Dual luciferase reporter assay
TCF4/LEF reporter plasmids (pTOP-Luc) were transfected into cells by Lipofectamine 2000. After 12 h, the cells were digested and inoculated in the 24-well plates. After 24 h, the cells were lysed and the luciferase activity was detected according to the instructions of the luciferase reporter detection kit (NEB Cor.). Luciferase reporter genes of HCP5 Mut and ZEB1 Mut containing mutation sequence at the binding site of microRNA-139-5p were constructed. The above plasmids and reporter gene vectors were synthesized by Shanghai Sango Corporation (China). Next, microRNA-139-5p mimics were transfected into CRC cells that were transfected HCP5 Wt, HCP5 Mut, ZEB1 Wt, ZEB1 Mut or psiCHECK2, respectively. After 6 h transfection, the luciferase reporter gene assay (Promega, USA) of lysed cells was detected, and Renilla Luciferase Reporter was as internal reference.
Statistical analysis
GraphPad Prism (GraphPad Software, Inc., USA) was used for statistical analysis. All data are presented as the mean ± SD. Comparison between groups was performed by one-way ANOVA followed by student’s t-test. Differences in the survival curve were evaluated using a log-rank test and drawn using Kaplan-Meier method. P < 0.05 were considered as statistically significant difference.
Results
Expression of lncRNA HCP5 and miR-139-5p in CRC tissues and cells
The expression level of HCP5 in CRC tissues was obviously higher compared to para-carcinoma tissues (P < 0.05). However, the expression level of miR-139-5p decreased in CRC tissues compared to para-carcinoma tissues (P < 0.05, Figure 1A). Moreover, overexpression HCP5 was found in CRC cell lines (GEO, HCT116, LOVO and SW620) compared to normal colon cell line (CCD-18CO) (P < 0.05). However, miR-139-5p expression levels in CRC cell lines were obviously lower compared to CCD-18Co cells (P < 0.05, Figure 1B).
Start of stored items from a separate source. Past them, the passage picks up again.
Lemma partial_potential_of_prec_free J' t s :
  schedule_of J' s -> prec_free t s -> partial_potential p w J' t s.
Proof.
move=> sched free; split=> // i j iJ jJ [lt_ji [dom_j dom_i]].
have mem_s x : x \in J' -> x \in s by rewrite (perm_mem sched) mem_enum.
by move: (free i j (mem_s _ iJ) (mem_s _ jJ) lt_ji); rewrite !dom_int_prec.
Qed.

Lemma prec_free_cat t (A B : seq J) : uniq (A ++ B) ->
  prec_free t A -> prec_free (t + \sum_(y <- A) p y) B ->
  (forall i j, i \in B -> j \in A ->
     ~~ (prec i j (start p t A j) &&
         prec i j (start p (t + \sum_(y <- A) p y) B i - p j))) ->
  prec_free t (A ++ B).
Proof.
rewrite cat_uniq => /and3P [_ disj _] freeA freeB cross i j.
have notA x : x \in B -> x \notin A.
  by move=> xB; apply: contra disj => xA; apply/hasP; exists x.
rewrite !mem_cat => /orP [iA|iB] /orP [jA|jB].
- by rewrite !index_cat iA jA !start_cat_l //; apply: freeA.
- rewrite !index_cat iA (negbTE (notA _ jB)) => lt_ji.
  by have := index_mem i A; rewrite iA; lia.
- by move=> _; rewrite start_cat_l // start_cat_r ?notA //; apply: cross.
- rewrite !index_cat (negbTE (notA _ iB)) (negbTE (notA _ jB)) ltn_add2l.
  by rewrite !start_cat_r ?notA //; apply: freeB.
Qed.

Lemma iphi_le_of_prec i j t : prec i j t -> iphi i t <= iphi j t.
Proof. by case/orP => [/ltW|/andP [/eqP -> _]]. Qed.

Lemma no_prec_across a i j T t0 s tj ti :
  ratio j < ratio a -> iphi a T = iphi j T -> T + p j <= s ->
  iphi a t0 <= iphi i t0 -> ~~ prec i a s ->
  t0 <= tj -> tj + p j <= s -> s + p a <= ti ->
  ~~ (prec i j tj && prec i j (ti - p j)).
Proof.
move=> lt_ratio cross_T T_le ia_t0 not_prec_s t0_tj tj_le ti_ge.
apply/negP => /andP [/iphi_le_of_prec ij_tj /iphi_le_of_prec ij_ti].
have ia_s : iphi a s <= iphi i s.
  by move: not_prec_s; rewrite /prec negb_or -leNgt => /andP [].
have := p_gt0 a; have := p_gt0 j => pj pa.
(* At a common time [u] past [T]: iphi i <= iphi j < iphi a <= iphi i. *)
have [u /andP [tj_u_ti t0_u_s] T_u] :
    exists2 u, (tj <= u <= ti - p j) && (t0 <= u <= s) & T < u.
  have [le_ys|lt_sy] := lerP (ti - p j) s; [exists (ti - p j) | exists s];
    try (apply/andP; split; apply/andP; split); lra.
have ij_u := iphi_le_between tj_u_ti ij_tj ij_ti.
have ai_u := iphi_le_between t0_u_s ia_t0 ia_s.
have := iphi_lt_after_cross lt_ratio cross_T T_u; lra.
Qed.

Lemma prec_free_blocks a t0 s (sl sr : seq J) :
  uniq (sl ++ a :: sr) -> t0 + \sum_(y <- sl) p y = s ->
  prec_free t0 sl -> prec_free (s + p a) sr ->
  (forall j, j \in sl ->
     exists T, [/\ ratio j < ratio a, iphi a T = iphi j T & T + p j <= s]) ->
  (forall i, i \in sr -> iphi a t0 <= iphi i t0 /\ ~~ prec i a s) ->
  prec_free t0 (sl ++ a :: sr).
Proof.
move=> uniq_sch sum_l free_l free_r left_cross right_ok.
have uniq_r : uniq (a :: sr) by move: uniq_sch; rewrite cat_uniq => /and3P [].
have /andP [a_sr _] := uniq_r.
apply: prec_free_cat; rewrite ?sum_l //.
  rewrite -cat1s; apply: prec_free_cat; rewrite ?big_seq1 ?cat1s //.
    by move=> i j; rewrite !inE => /eqP -> /eqP ->; rewrite ltnn.
  move=> i j i_sr; rewrite inE => /eqP ->.
  by rewrite start_head negb_and (proj2 (right_ok i i_sr)).
move=> i j; rewrite inE => /predU1P [->|i_sr] j_sl.
  have [T [lt_ratio cross_T T_le]] := left_cross j j_sl.
  rewrite start_head negb_and (prec_after_cross (u := s - p j) lt_ratio cross_T) ?orbT //.
  by rewrite lerBrDr.
have [T [lt_ratio cross_T T_le]] := left_cross j j_sl.
have [ia_t0 not_prec_s] := right_ok i i_sr.
have ia : i != a by apply: contraNneq a_sr => <-.
rewrite start_cons //; apply: (no_prec_across (t0 := t0) (s := s) lt_ratio cross_T) => //.
- exact: start_ge.
- by rewrite -sum_l start_add_le.
- exact: start_ge.
Qed.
Spearman’s correlation analysis suggested a significant negative correlation between HCP5 and miR-139-5p in CRC tissues (r = -0.765, P < 0.05, Figure 1C).
Figure 1.
The expression levels of lncRNA HCP5 and miR-139-5p in colorectal cancer (CRC) tissues and cell lines. A: LncRNA HCP5 and miR-139-5p expressions were compared between CRC tissues and adjacent normal tissues. *P < 0.05 vs adjacent normal tissues. B: LncRNA HCP5 and miR-139-5p expression were compared among CRC cells. *P < 0.05 vs HCP5 expression in CCD-18Co cell line; #P < 0.05 vs miR-139-5p expression in CCD-18CO cell line. C: LncRNA HCP5 expression was negatively correlated with miR-139-5p expression within CRC tissues. D: The Kaplan-Meier analysis of correlation between the level of LncRNA HCP5 and miR-139-5p with OS.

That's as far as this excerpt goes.